Job Title: TMF Manager- Clinical Operations
Location: Cambridge, MA (Remote)
Duration: 12 months
Pay rate: $90/hr.
This person must be available to work onsite 1-2 times per month and may be short notice.
What will you do:
• This position reports into Associate Director of TMF Operations (or above).
• This role maintains Company Medicines TMFs ensuring they are current and inspection-ready for internal and external entities.
• The right candidate will possess an understanding of clinical trial conduct, TMF structure (TMF Reference Model), eTMF systems, and best documentation practices.
What will be your responsibilities:
• We have a dedicated TMF Operations Team that supports the study team in managing TMF Activities.
• Responsible for managing clinical document quality/control/review, and the Trial Master Files (TMFs).
• Performs set up activities, and oversight of internal e/TMF applications
• Supports Clinical Operations Study Leaders in the QC and oversight of CROs’ e/TMF applications
• Functional lead for specified e/TMF platform with vendor(s)
• Provide support and guidance to CROs and support staff to ensure accurate and timely eTMF filing and maintenance according to ICH GCP guidelines
• Provide training to eTMF users and external parties (CROs)

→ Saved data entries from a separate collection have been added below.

(* Let $\mathbb{K}\in\{\mathbb{R},\mathbb{C}\}$, let $\mathcal{X}$ be a separable topological $\mathbb{K}$-vector space whose topological dual $\mathcal{X}^{\ast}$ separates the points of $\mathcal{X}$, and let $\mathcal{U}$ be a $0$-neighborhood in $\mathcal{X}$. Then every net $(U_j)_{j\in J}\subseteq\mathbf{CU}_{\mathcal{U}}(\mathcal{X}^{\ast})$ that converges in the weak*-Hausdorff hypertopology converges to $U_\infty=\mathrm{Li}_{j\in J}U_j=\mathrm{Ls}_{j\in J}U_j\in\mathbf{CU}_{\mathcal{U}}(\mathcal{X}^{\ast})$.
   Context: Topological vector spaces are Hausdorff. $\mathcal{X}^{\ast}$ carries the weak* topology. $\mathcal{U}^{\circ}=\{\sigma\in\mathcal{X}^{\ast}:|\sigma(A)|\le1\ \forall A\in\mathcal{U}\}$; $\mathbf{CU}_{\mathcal{U}}(\mathcal{X}^{\ast})$ is the set of nonempty convex weak*-closed subsets of $\mathcal{U}^{\circ}$. The weak*-Hausdorff hypertopology is generated by the extended pseudometrics $d_H^{(A)}(F,\tilde F)=\max\{\sup_{\sigma\in F}\inf_{\tilde\sigma\in\tilde F}|(\sigma-\tilde\sigma)(A)|,\ \sup_{\tilde\sigma\in\tilde F}\inf_{\sigma\in F}|(\sigma-\tilde\sigma)(A)|\}$, $A\in\mathcal{X}$. For a net $(F_j)_{j\in J}$ of subsets of $\mathcal{X}^{\ast}$: $\mathrm{Li}_{j\in J}F_j$ is the set of weak* limits of nets $(\sigma_j)_{j\in J}$ with $\sigma_j\in F_j$ for all $j\succ j_0$ for some $j_0$; $\mathrm{Ls}_{j\in J}F_j$ is the set of weak* limits of nets $(\sigma_i)_{i\in I}$ with $\sigma_i\in F_{s(i)}$ for some subnet $(F_{s(i)})_{i\in I}$. *)

From HB Require Import structures.
From mathcomp Require Import all_boot all_order all_algebra.
From mathcomp Require Import all_classical all_reals all_analysis.
From mathcomp.real_closed Require Import complex.

Set Implicit Arguments.
Unset Strict Implicit.
Unset Printing Implicit Defensive.

Import Order.TTheory GRing.Theory Num.Theory.
Import numFieldTopology.Exports.

Local Open Scope classical_set_scope.
Local Open Scope ring_scope.

Definition directed_by (J : Type) (le : J -> J -> Prop) : Prop :=
  [/\ exists j : J, True,
      (forall j, le j j),
      (forall i j k, le i j -> le j k -> le i k) &
      (forall i j, exists k, le i k /\ le j k)].
Lemma thm_tensor1_rank_le2_h_eq_j (I : C) :
  I * I = -1 -> (2 : C) != 0 -> schur_rank_le 2 t.
Proof.
move=> sqrI two_neq0.
pose W x y z := set_row (set_row B0 pos0 (x *: eR e0 + y *: eR j)) posi (1 *: eR i + z *: eR j).
have B0_g2 : set_row B0 pos0 (eR j) = rows_of 1%:M g2 by rewrite set_row_rows1 -h_eq_j.
have wW x y z al : wedge_coord (W x y z) al = x * E g0 al + y * E g2 al + z * x * E g1 al.
  rewrite wedge_coord_set_rowD !(set_rowC _ _ _ pos0_neq_posi) (@B0_fix posi i) //.
  rewrite !wedge_coord_set_rowD (@B0_fix pos0 e0) ?val_e0 // B0_g2.
  rewrite (wedge_coord_eq_rows _ pos0_neq_posi (W := set_row _ pos0 (eR j))); last first.
    by rewrite row_set_row row_set_row_neq ?row_set_row // eq_sym.
  rewrite set_rowC ?(@B0_fix pos0 e0) ?val_e0 // 1?eq_sym // set_row_rows1.
  by rewrite mul1r mulr0 addr0 mulrA.
have rW x y z : row pos0 (W x y z) = x *: eR e0 + y *: eR j.
  by rewrite row_set_row_neq ?pos0_neq_posi // row_set_row.
have W_rank_one x y z : x != 0 -> schur_rank_one (wedge1 (W x y z)).
  move=> x_neq0; apply: (wedge1_rank_one (al := g0)).
  by rewrite wW wedge_coord_rows1_id // E1_g0 E2_g0 !mulr0 !addr0 mulr1.
(* With [P = E0], [Q = (b E2 + a E1) / 2], [u = e0], [w = b ej / 2], the two terms are
   [(P + Q) (x) (u + w)] and [I^2 (P - Q) (x) (u - w)]; they sum to [2 (P (x) w + Q (x) u)]. *)
have -> : t = fun al be =>
    wedge1 (W 1 (b / 2) (a / 2)) al be + wedge1 (W I (- (I * (b / 2))) (- (a / 2))) al be.
  apply: funext => al; apply: funext => be.
  rewrite tE !wedge_tensorE !wW !rW !mxE -h_eq_j.
  by field: sqrI.
apply: schur_rank_leS; last apply: schur_rank_le_one; apply: W_rank_one.
  exact: oner_neq0.
apply/eqP => I0; move/eqP: sqrI; rewrite I0 mul0r eq_sym oppr_eq0.
exact/negP/oner_neq0.
Qed.

End EqualHJ.

End StandardBasis.

Unset Implicit Arguments.
Local Open Scope complex_scope.

Theorem mainTheorem13 (R : realType) (n k : nat)
  (hk2 : (2 <= k)%N) (hkn : (k <= n - 1)%N)
  (V : 'M[R[i]]_n) (hV : V \in unitmx)
  (i j h : 'I_n) (hi : (1 <= i < k)%N) (hj : (k <= j)%N) (hh : (1 <= h)%N)
  (a b : R[i]) (ha : a != 0) (hb : b != 0) :
  let t := @thm_tensor _ k n V i j h a b in
  ((h < k)%N -> schur_rank t 2) /\
  ((k <= h)%N -> h != j -> schur_rank t 3) /\
  (h = j -> schur_rank t 2).
Proof.
(* [hk2] and [hkn] follow from [hi] and [hj]. *)
move=> t; case/andP: hi => i_gt0 i_lt_k.
have rank_t r : schur_rank_le r t <-> schur_rank_le r (@thm_tensor _ k n 1%:M i j h a b).
  exact: schur_rank_le_thm_tensor.
have two_neq0 : (2 : R[i]) != 0 by rewrite pnatr_eq0.
have sqr_i : 'i * 'i = -1 :> R[i] by rewrite -expr2 sqr_i.
have ge2 r : schur_rank_le r t -> (2 <= r)%N.
  by move/rank_t; apply: thm_tensor1_rank_ge2.
split; [|split].
- move=> h_lt_k; split=> //; apply/rank_t; exact: thm_tensor1_rank_le2_small_h.
- move=> k_le_h h_neq_j; split; first by apply/rank_t; apply: thm_tensor1_rank_le3.
  by move=> r /rank_t; apply: thm_tensor1_rank_ge3.
- move=> h_eq_j; split=> //; apply/rank_t.
  exact: thm_tensor1_rank_le2_h_eq_j sqr_i _.
Qed.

• Partner with management and others to support functional and organizational initiatives, to drive new procedures and ideas, and to function as an advocate for processes and decisions
• Supports the development and review of standard operating procedures and work instructions related to clinical document management, as appropriate
• Contributes to maintenance of written instructions, SOPs, guidelines, and plans as they relate to e/TMFs and document control
• Updates and maintains Naming and Filing Guide(s) for relevant e/TMF systems
• Work in collaboration with all applicable functional areas
• Work in collaboration with Clinical Operations Management to drive new procedures and processes within the department, as appropriate
Education:
• Bachelor’s degree or equivalent combination of education/experience in science or health- related field
• Minimum 5 years of e/TMF experience for a pharmaceutical, biotechnology company, or contract research organization
• Thorough knowledge of all sections of the TMF Reference Model (current & previous versions)

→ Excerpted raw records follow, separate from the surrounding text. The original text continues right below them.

(* Assume $\varepsilon\max_i\delta_i<1$. Suppose that either (i) $\mathcal G$ is structurally balanced (i.e. $\lambda_1(\mathcal L)=0$), or (ii) $\mathcal G$ is structurally unbalanced and $\lambda_1(\mathcal L)<2-\lambda_n(\mathcal L)$. Then $\pi_1<\pi_{1,d}$.
   Context: Let $\mathcal G$ be an undirected, connected signed graph on $n$ nodes without self-loops, with symmetric adjacency matrix $A=[a_{ij}]$ having zero diagonal and entries of either sign. Let $\delta_i=\sum_j|a_{ij}|>0$, $\Delta=\mathrm{diag}(\delta_i)$, and let $\mathcal L=I-\Delta^{-1}A$ be the normalized signed Laplacian, with real eigenvalues $\lambda_1(\mathcal L)\le\dots\le\lambda_n(\mathcal L)$. Structural balance means there is a signature matrix $S$ (diagonal with $\pm1$ entries) such that $SAS\ge0$ entrywise. Let $\varepsilon>0$ be a step size and, for $\pi>0$, let $L_\pi=\Delta-\pi A$ and $J_\pi=I-\varepsilon L_\pi$, both symmetric. Define $\pi_1=\frac{1}{1-\lambda_1(\mathcal L)}$; this is the value of $\pi$ at which $\lambda_1(L_\pi)=0$, equivalently $\lambda_n(J_\pi)=1$. Define $\pi_{1,d}$ as the smallest $\pi>0$ at which $\lambda_n(L_\pi)=2/\varepsilon$, equivalently $\lambda_1(J_\pi)=-1$. *)

From HB Require Import structures.
From mathcomp Require Import all_boot all_order all_algebra.
From mathcomp Require Import reals.
Set Implicit Arguments. Unset Strict Implicit. Unset Printing Implicit Defensive.
Import Order.TTheory GRing.Theory Num.Theory.
Local Open Scope ring_scope.

Section SignedGraph.
Variables (R : realType) (n : nat).

Definition sdeg (A : 'M[R]_n) (i : 'I_n) : R := \sum_(j < n) `|A i j|.

Definition Deg (A : 'M[R]_n) : 'M[R]_n := diag_mx (\row_i sdeg A i).

Definition normLap (A : 'M[R]_n) : 'M[R]_n := 1%:M - invmx (Deg A) *m A.

Definition Lpi (A : 'M[R]_n) (p : R) : 'M[R]_n := Deg A - p *: A.

Definition is_min_eig (M : 'M[R]_n) (l : R) : Prop :=
  eigenvalue M l /\ forall mu, eigenvalue M mu -> l <= mu.
Definition is_max_eig (M : 'M[R]_n) (l : R) : Prop :=
  eigenvalue M l /\ forall mu, eigenvalue M mu -> mu <= l.

Definition sg_connected (A : 'M[R]_n) : Prop :=
  forall i j : 'I_n, connect (fun u v : 'I_n => A u v != 0) i j.

Definition is_signature (S : 'M[R]_n) : Prop :=
  (forall i j : 'I_n, i != j -> S i j = 0) /\
  (forall i : 'I_n, S i i = 1 \/ S i i = -1).

Definition struct_balanced (A : 'M[R]_n) : Prop :=
  exists S : 'M[R]_n, is_signature S /\ forall i j, 0 <= (S *m A *m S) i j.

Definition pi1 (l1 : R) : R := 1 / (1 - l1).

Definition is_pi1d (A : 'M[R]_n) (eps p : R) : Prop :=
  (0 < p /\ is_max_eig (Lpi A p) (2 / eps)) /\
  forall q, 0 < q -> is_max_eig (Lpi A q) (2 / eps) -> p <= q.

End SignedGraph.

From HB Require Import structures.
From mathcomp Require Import all_boot all_order all_algebra.
From mathcomp Require Import reals.
From mathcomp Require Import complex.
From mathcomp Require Import ring lra.
Import Order.TTheory GRing.Theory Num.Theory.
Set Implicit Arguments. Unset Strict Implicit. Unset Printing Implicit Defensive.
Local Open Scope ring_scope.

(* Let q = pi_{1,d} and let x be an eigenvector of L_q = Delta - q A for the
   eigenvalue c = 2/eps.  Since eps * delta_i < 1 we have c > 2 delta_i, so
   x^T Delta x - q x^T A x = c x^T x > 2 x^T Delta x.  A Rayleigh-quotient
   argument for the symmetric pencil (A, Delta) yields a generalized
   eigenvalue mu (t A = mu t Delta, t <> 0) with mu x^T Delta x <= x^T A x,
   and the displayed inequality then forces q mu < -1.  Every generalized
   eigenvalue mu makes 1 - mu an eigenvalue of the normalized Laplacian, so
   1 - mu <= lambda_n; moreover mu >= -1 (Gershgorin).  Under either
   hypothesis (i) (balance gives the eigenvalue 0, hence lambda_1 <= 0) or
   (ii) this gives mu >= lambda_1 - 1, so q (1 - lambda_1) > 1, i.e.
   q > pi_1. *)

Section NormalSpectrum.
Variable C : numClosedFieldType.
Local Open Scope sesquilinear_scope.

(* Each entry of the spectral diagonal of a normal matrix is an eigenvalue,
   with the corresponding row of the unitary factor as eigenvector. *)
Lemma spectral_diag_eigenvalue n (M : 'M[C]_n) (i : 'I_n) :
  M \is normalmx -> eigenvalue M (spectral_diag M 0 i).
Proof.
move=> /orthomx_spectralP; set P := spectralmx M => ME.
have Punit : P \in unitmx := spectral_unit M.
apply/eigenvalueP; exists (row i P).
  rewrite -row_mul {1}ME !mulmxA mulmxV // mul1mx.
  by apply/rowP => j; rewrite mul_diag_mx !mxE.
apply/eqP; rewrite rowE => P_i0.
have /matrixP/(_ 0 i) := etrans (esym (mulmxK Punit _)) (congr1 (mulmx^~ _) P_i0).
by rewrite mul0mx !mxE !eqxx => /eqP; rewrite oner_eq0.
Qed.

(* A lower bound a on the spectral values of a normal matrix M bounds its
   Hermitian form: a z z^* <= z M z^*, by diagonalizing in an orthonormal
   basis. *)
Lemma normal_form_ge n (M : 'M[C]_n) (a : C) (z : 'rV[C]_n) :
  M \is normalmx -> (forall j, a <= spectral_diag M 0 j) ->
  a * (z *m z^t*) 0 0 <= (z *m M *m z^t*) 0 0.
Proof.
move=> /orthomx_spectralP; set P := spectralmx M; set d := spectral_diag M.
move=> ME a_le.
have Pu : P \is unitarymx := spectral_unitarymx M.
have Punit : P \in unitmx := spectral_unit M.
set y := z *m invmx P.
have yT : y^t* = P *m z^t*.
  rewrite /y invmx_unitary // trmx_mul map_mxM map_trmx trmxK.
  by rewrite -map_mx_comp (map_mx_id (@conjCK _)).
have -> : z *m M *m z^t* = y *m diag_mx d *m y^t* by rewrite yT {1}ME /y !mulmxA.
have -> : z *m z^t* = y *m y^t* by rewrite yT /y mulmxA -(mulmxA z) mulVmx // mulmx1.
rewrite mul_mx_diag !mxE mulr_sumr; apply: ler_sum => j _.
rewrite !mxE [X in _ <= X]mulrAC [X in X <= _]mulrC ler_wpM2l //.
exact: mul_conjC_ge0.
Qed.

End NormalSpectrum.

Section QuadraticForms.
Variable R : rcfType.
Local Open Scope sesquilinear_scope.
Local Notation f := (real_complex R).

Definition qf n (M : 'M[R]_n) (x : 'rV[R]_n) : R := (x *m M *m x^T) 0 0.

Lemma qf_diag n (d : 'rV[R]_n) (x : 'rV[R]_n) :
  qf (diag_mx d) x = \sum_i d 0 i * (x 0 i * x 0 i).
Proof.
rewrite /qf mul_mx_diag mxE; apply: eq_bigr => i _; rewrite !mxE.
by rewrite mulrA [x 0 i * _]mulrC.
Qed.

Lemma qf_diag_gt0 n (d : 'rV[R]_n) (x : 'rV[R]_n) :
  (forall i, 0 < d 0 i) -> x != 0 -> 0 < qf (diag_mx d) x.
Proof.
move=> dpos /rV0Pn [i0 xi0]; rewrite qf_diag.
have term_ge0 i : true -> 0 <= d 0 i * (x 0 i * x 0 i).
  by move=> _; apply: mulr_ge0; [exact: ltW | rewrite -expr2 sqr_ge0].
rewrite lt_def sumr_ge0 // andbT; apply/eqP => sum0.
move: (psumr_eq0P term_ge0 sum0 (i := i0) erefl) => /eqP.
by rewrite !mulf_eq0 gt_eqF //= orbb (negPf xi0).
Qed.

(* Rayleigh: a real symmetric matrix has an eigenvalue below any Rayleigh
   quotient.  Its complexification is Hermitian, so its spectral values are
   real and the smallest one does the job. *)
Lemma rayleigh n (M : 'M[R]_n) (x : 'rV[R]_n) : M^T = M -> x != 0 ->
  exists mu, eigenvalue M mu /\ mu * qf 1%:M x <= qf M x.
Proof.
rewrite /qf mulmx1 => Msym /rV0Pn[i0 _].
have conjf (a : R) : (f a)^* = f a by exact: conjc_real.
set MC := map_mx f M.
have herm : MC \is hermsymmx.
  apply/is_hermitianmxP; rewrite expr0 scale1r; apply/matrixP => i j.
  by rewrite !mxE conjf -[in RHS]Msym mxE.
have normal := hermitian_normalmx herm.
set d := spectral_diag MC.
have dE j : d 0 j = f (complex.Re (d 0 j)).
  by rewrite RRe_real //; exact: (mxOverP (hermitian_spectral_diag_real herm)).
pose i := Order.arg_min i0 xpredT (fun j => complex.Re (d 0 j)).
have i_min j : complex.Re (d 0 i) <= complex.Re (d 0 j).
  by rewrite /i; case: arg_minP => // k _; apply.
exists (complex.Re (d 0 i)); split.
  have := spectral_diag_eigenvalue i normal; rewrite -/d dE.
  by rewrite !eigenvalue_root_char -map_char_poly fmorph_root.
have xCT : (map_mx f x)^t* = map_mx f x^T by apply/matrixP => a b; rewrite !mxE conjf.
have d_ge j : f (complex.Re (d 0 i)) <= d 0 j by rewrite (dE j) lecR i_min.
have := normal_form_ge (map_mx f x) normal d_ge.
by rewrite xCT -!map_mxM -lecR rmorphM /= !mxE.
Qed.

(* Proved by applying [rayleigh] to D^-1/2 M D^-1/2. *)
Lemma pencil_rayleigh n (M : 'M[R]_n) (d x : 'rV[R]_n) :
  M^T = M -> (forall i, 0 < d 0 i) -> x != 0 ->
  exists mu (t : 'rV[R]_n),
    [/\ t != 0, t *m M = mu *: (t *m diag_mx d) & mu * qf (diag_mx d) x <= qf M x].
Proof.
move=> Msym dpos xn0.
have sq_gt0 i : 0 < Num.sqrt (d 0 i) by rewrite sqrtr_gt0.
pose Ds := diag_mx (\row_i Num.sqrt (d 0 i)).
pose Di := diag_mx (\row_i (Num.sqrt (d 0 i))^-1).
have DsDi : Ds *m Di = 1%:M.
  rewrite mulmx_diag -diag_const_mx; congr diag_mx; apply/rowP => j.
  by rewrite !mxE mulfV // gt_eqF.
have DiDs : Di *m Ds = 1%:M.
  rewrite mulmx_diag -diag_const_mx; congr diag_mx; apply/rowP => j.
  by rewrite !mxE mulVf // gt_eqF.
have DsDs : Ds *m Ds = diag_mx d.
  rewrite mulmx_diag; congr diag_mx; apply/rowP => j.
  by rewrite !mxE -expr2 sqr_sqrtr // ltW.
have DiD : Di *m diag_mx d = Ds by rewrite -DsDs mulmxA DiDs mul1mx.
pose N := Di *m M *m Di.
have Nsym : N^T = N by rewrite /N !trmx_mul tr_diag_mx Msym mulmxA.
pose w := x *m Ds.
have wT : w^T = Ds *m x^T by rewrite /w trmx_mul tr_diag_mx.
have wn0 : w != 0.
  apply: contra xn0 => /eqP w0; apply/eqP.
  by rewrite -[x]mulmx1 -DsDi mulmxA -/w w0 mul0mx.
have [mu [/eigenvalueP[u uN un0] mu_le]] := rayleigh Nsym wn0.
exists mu, (u *m Di); split.
- apply: contra un0 => /eqP t0; apply/eqP.
  by rewrite -[u]mulmx1 -DiDs mulmxA t0 mul0mx.
- have := congr1 (mulmx^~ Ds) uN.
  rewrite /N !mulmxA -(mulmxA _ Di) DiDs mulmx1 => ->.
  by rewrite -scalemxAl -mulmxA DiD.
- move: mu_le; rewrite /qf wT /w /N mulmx1 !mulmxA.
  rewrite -(mulmxA x Ds Ds) DsDs -(mulmxA x Ds Di) DsDi mulmx1.
  by rewrite -(mulmxA _ Di Ds) DiDs mulmx1.
Qed.

End QuadraticForms.

Section SignedGraph.
Variables (R : realType) (n : nat) (A : 'M[R]_n).
Hypothesis A_sym : A^T = A.
Hypothesis deg_gt0 : forall i, 0 < sdeg A i.

Lemma A_symE i j : A j i = A i j.
Proof. by rewrite -[in RHS]A_sym mxE. Qed.

Lemma Deg_diag_gt0 i : 0 < (\row_j sdeg A j) 0 i.
Proof. by rewrite mxE. Qed.

Lemma Deg_unit : Deg A \in unitmx.
Proof.
rewrite unitmxE det_diag unitfE; apply/prodf_neq0 => i _.
by rewrite gt_eqF ?Deg_diag_gt0.
Qed.

Lemma pencil_eig_normLap (t : 'rV[R]_n) (mu : R) : t != 0 ->
  t *m A = mu *: (t *m Deg A) -> eigenvalue (normLap A) (1 - mu).
Proof.
move=> tn0 tA; apply/eigenvalueP; exists (t *m Deg A).
  rewrite /normLap mulmxBr mulmx1 mulmxA (mulmxK Deg_unit) tA.
  by rewrite scalerBl scale1r.
apply: contra tn0 => /eqP tD0; apply/eqP.
by rewrite -(mulmxK Deg_unit t) tD0 mul0mx.
Qed.

(* Gershgorin: every generalized eigenvalue of (A, Delta) has modulus at most
   one, since delta_j is the absolute column sum of A; we need mu >= -1. *)
Lemma pencil_eig_ge_m1 (t : 'rV[R]_n) (mu : R) : t != 0 ->
  t *m A = mu *: (t *m Deg A) -> -1 <= mu.
Proof.
move=> /rV0Pn [i0 ti0] tA.
pose j := Order.arg_max i0 xpredT (fun k => `|t 0 k|).
have jmax k : `|t 0 k| <= `|t 0 j| by rewrite /j; case: arg_maxP => // l _; apply.
have tj_gt0 : 0 < `|t 0 j| by apply: lt_le_trans (jmax i0); rewrite normr_gt0.
have := congr1 (fun v : 'rV_n => v 0 j) tA; rewrite /= /Deg mul_mx_diag !mxE => tAj.
suff : `|mu| <= 1 by rewrite ler_norml => /andP[].
rewrite -(ler_pM2r (mulr_gt0 tj_gt0 (deg_gt0 j))) mul1r.
have -> : `|mu| * (`|t 0 j| * sdeg A j) = `|\sum_k t 0 k * A k j|.
  by rewrite tAj !normrM (ger0_norm (ltW (deg_gt0 j))).
apply: le_trans (ler_norm_sum _ _ _) _; rewrite mulr_sumr; apply: ler_sum => k _.
by rewrite normrM A_symE ler_wpM2r.
Qed.

(* A structurally balanced graph has 0 in the spectrum of its normalized
   Laplacian: the signature vector is in the kernel. *)
Lemma balanced_normLap_eig0 (i0 : 'I_n) :
  struct_balanced A -> eigenvalue (normLap A) 0.
Proof.
move=> [S [[S_offdiag S_diag] SAS_ge0]].
have SE : S = diag_mx (\row_i S i i).
  apply/matrixP => i j; rewrite !mxE; case: (eqVneq i j) => [->|ij].
    by rewrite mulr1n.
  by rewrite S_offdiag // mulr0n.
have S_sq i : S i i * S i i = 1 by case: (S_diag i) => ->; rewrite ?mulr1 ?mulrNN ?mulr1.
have S_norm i : `|S i i| = 1 by case: (S_diag i) => ->; rewrite ?normrN normr1.
rewrite -(subrr 1); apply: (@pencil_eig_normLap (\row_j S j j)).
  by apply/rV0Pn; exists i0; rewrite mxE -normr_gt0 S_norm ltr01.
rewrite scale1r /Deg mul_mx_diag; apply/rowP => j; rewrite !mxE.
have SAS_kj k : 0 <= S k k * A k j * S j j.
  by have := SAS_ge0 k j; rewrite SE mul_diag_mx mul_mx_diag !mxE !eqxx !mulr1n.
transitivity (S j j * \sum_k S k k * A k j * S j j).
  rewrite mulr_sumr; apply: eq_bigr => k _.
  by rewrite mxE -[LHS]mulr1 -(S_sq j); ring.
rewrite /sdeg; congr (_ * _); apply: eq_bigr => k _.
by rewrite (A_symE k j) -[LHS]ger0_norm // !normrM !S_norm mul1r mulr1.
Qed.

Lemma pencil_eig_lower_bound (l1 ln mu : R) (t : 'rV[R]_n) :
  is_min_eig (normLap A) l1 -> is_max_eig (normLap A) ln ->
  struct_balanced A \/ (~ struct_balanced A /\ l1 < 2 - ln) ->
  t != 0 -> t *m A = mu *: (t *m Deg A) -> l1 - 1 <= mu.
Proof.
move=> [_ l1_min] [_ ln_max] hyp tn0 tA.
have := ln_max _ (pencil_eig_normLap tn0 tA).
case: hyp => [balanced | [_ spectral_gap]]; last by lra.
have [i0 _] := rV0Pn _ tn0.
have := l1_min _ (balanced_normLap_eig0 i0 balanced).
have := pencil_eig_ge_m1 tn0 tA.
lra.
Qed.

Lemma Lpi_large_eig_pencil (q c : R) (x : 'rV[R]_n) :
  0 < q -> (forall i, 2 * sdeg A i < c) -> x != 0 -> x *m Lpi A q = c *: x ->
  exists mu (t : 'rV[R]_n), [/\ t != 0, t *m A = mu *: (t *m Deg A) & q * mu < -1].
Proof.
move=> q_gt0 c_gt xn0 xL.
have energy : qf (Deg A) x - q * qf A x = c * qf 1%:M x.
  have := congr1 (fun v : 'rV_n => (v *m x^T) 0 0) xL.
  by rewrite /= /Lpi mulmxBr mulmxBl -scalemxAr -!scalemxAl /qf mulmx1 !mxE.
have gap : 0 < c * qf 1%:M x - 2 * qf (Deg A) x.
  have -> : c * qf 1%:M x - 2 * qf (Deg A) x =
            qf (diag_mx (\row_i (c - 2 * sdeg A i))) x.
    rewrite -diag_const_mx /Deg !qf_diag !mulr_sumr -sumrB.
    by apply: eq_bigr => i _; rewrite !mxE; ring.
  by apply: qf_diag_gt0 => // i; rewrite mxE subr_gt0.
have D_gt0 : 0 < qf (Deg A) x := qf_diag_gt0 Deg_diag_gt0 xn0.
have [mu [t [tn0 tA mu_le]]] := pencil_rayleigh A_sym Deg_diag_gt0 xn0.
exists mu, t; split => //.
move: energy gap D_gt0 mu_le q_gt0.
move: (qf A x) (qf (Deg A) x) (qf 1%:M x) => a d e; nra.
Qed.

End SignedGraph.

Theorem proposition2 (R : realType) (n : nat) (A : 'M[R]_n) (eps : R)
  (l1 ln p1d : R) :
  A^T = A ->
  (forall i : 'I_n, A i i = 0) ->
  (forall i : 'I_n, 0 < sdeg A i) ->
  sg_connected A ->
  0 < eps ->
  (forall i : 'I_n, eps * sdeg A i < 1) ->
  is_min_eig (normLap A) l1 ->
  is_max_eig (normLap A) ln ->
  (struct_balanced A \/ (~ struct_balanced A /\ l1 < 2 - ln)) ->
  is_pi1d A eps p1d ->
  pi1 l1 < p1d.
Proof.
move=> A_sym _ deg_gt0 _ eps_gt0 eps_deg l1_min ln_max hyp [[q_gt0 [top_eig _]] _].
rewrite ltNge; apply/negP => q_le_pi1.
have l1_lt1 : l1 < 1.
  rewrite ltNge; apply/negP => l1_ge1.
  have : pi1 l1 <= 0 by rewrite /pi1 mul1r invr_le0 subr_le0.
  by move/(le_trans q_le_pi1); rewrite leNgt q_gt0.
have q_small : p1d * (1 - l1) <= 1 by rewrite -ler_pdivlMr ?subr_gt0.
have c_gt i : 2 * sdeg A i < 2 / eps.
  by rewrite ltr_pdivlMr //; have := eps_deg i; nra.
have [x xL xn0] := eigenvalueP top_eig.
have [mu [t [tn0 tA q_mu]]] := Lpi_large_eig_pencil A_sym deg_gt0 q_gt0 c_gt xn0 xL.
have := pencil_eig_lower_bound A_sym deg_gt0 l1_min ln_max hyp tn0 tA.
nra.
Qed.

• Thorough knowledge of documents from various functional areas and their appropriate e/TMF filing requirements
• Thorough knowledge of International Council for Harmonization (ICH) Good Clinical Practice (GCP) as well as Good Documentation Practice (GDP) principles
What qualifications do we prefer:
• Experience with eTMF system or software to include but not limited to development of SOPs, user training manual, performing UATs and validations, etc.
• Thorough knowledge of electronic TMF application(s), for major non-proprietary system(s) and ability to prioritize related tasks based on project goals
• Experience working with multiple eTMF vendors and CRO partners.
What capabilities do you bring:
• Motivated self-starter who is capable of flourishing in a fast-paced small company environment.
• Creative problem solver with excellent communication and public speaking skills.
• Proficiency in developing and delivering educational materials, both written and oral
• Ability to engage in cross-functional interactions with internal and external staff
• Global trial experience
• Strong interpersonal and organizational skills are needed, with a high degree of attention to detail.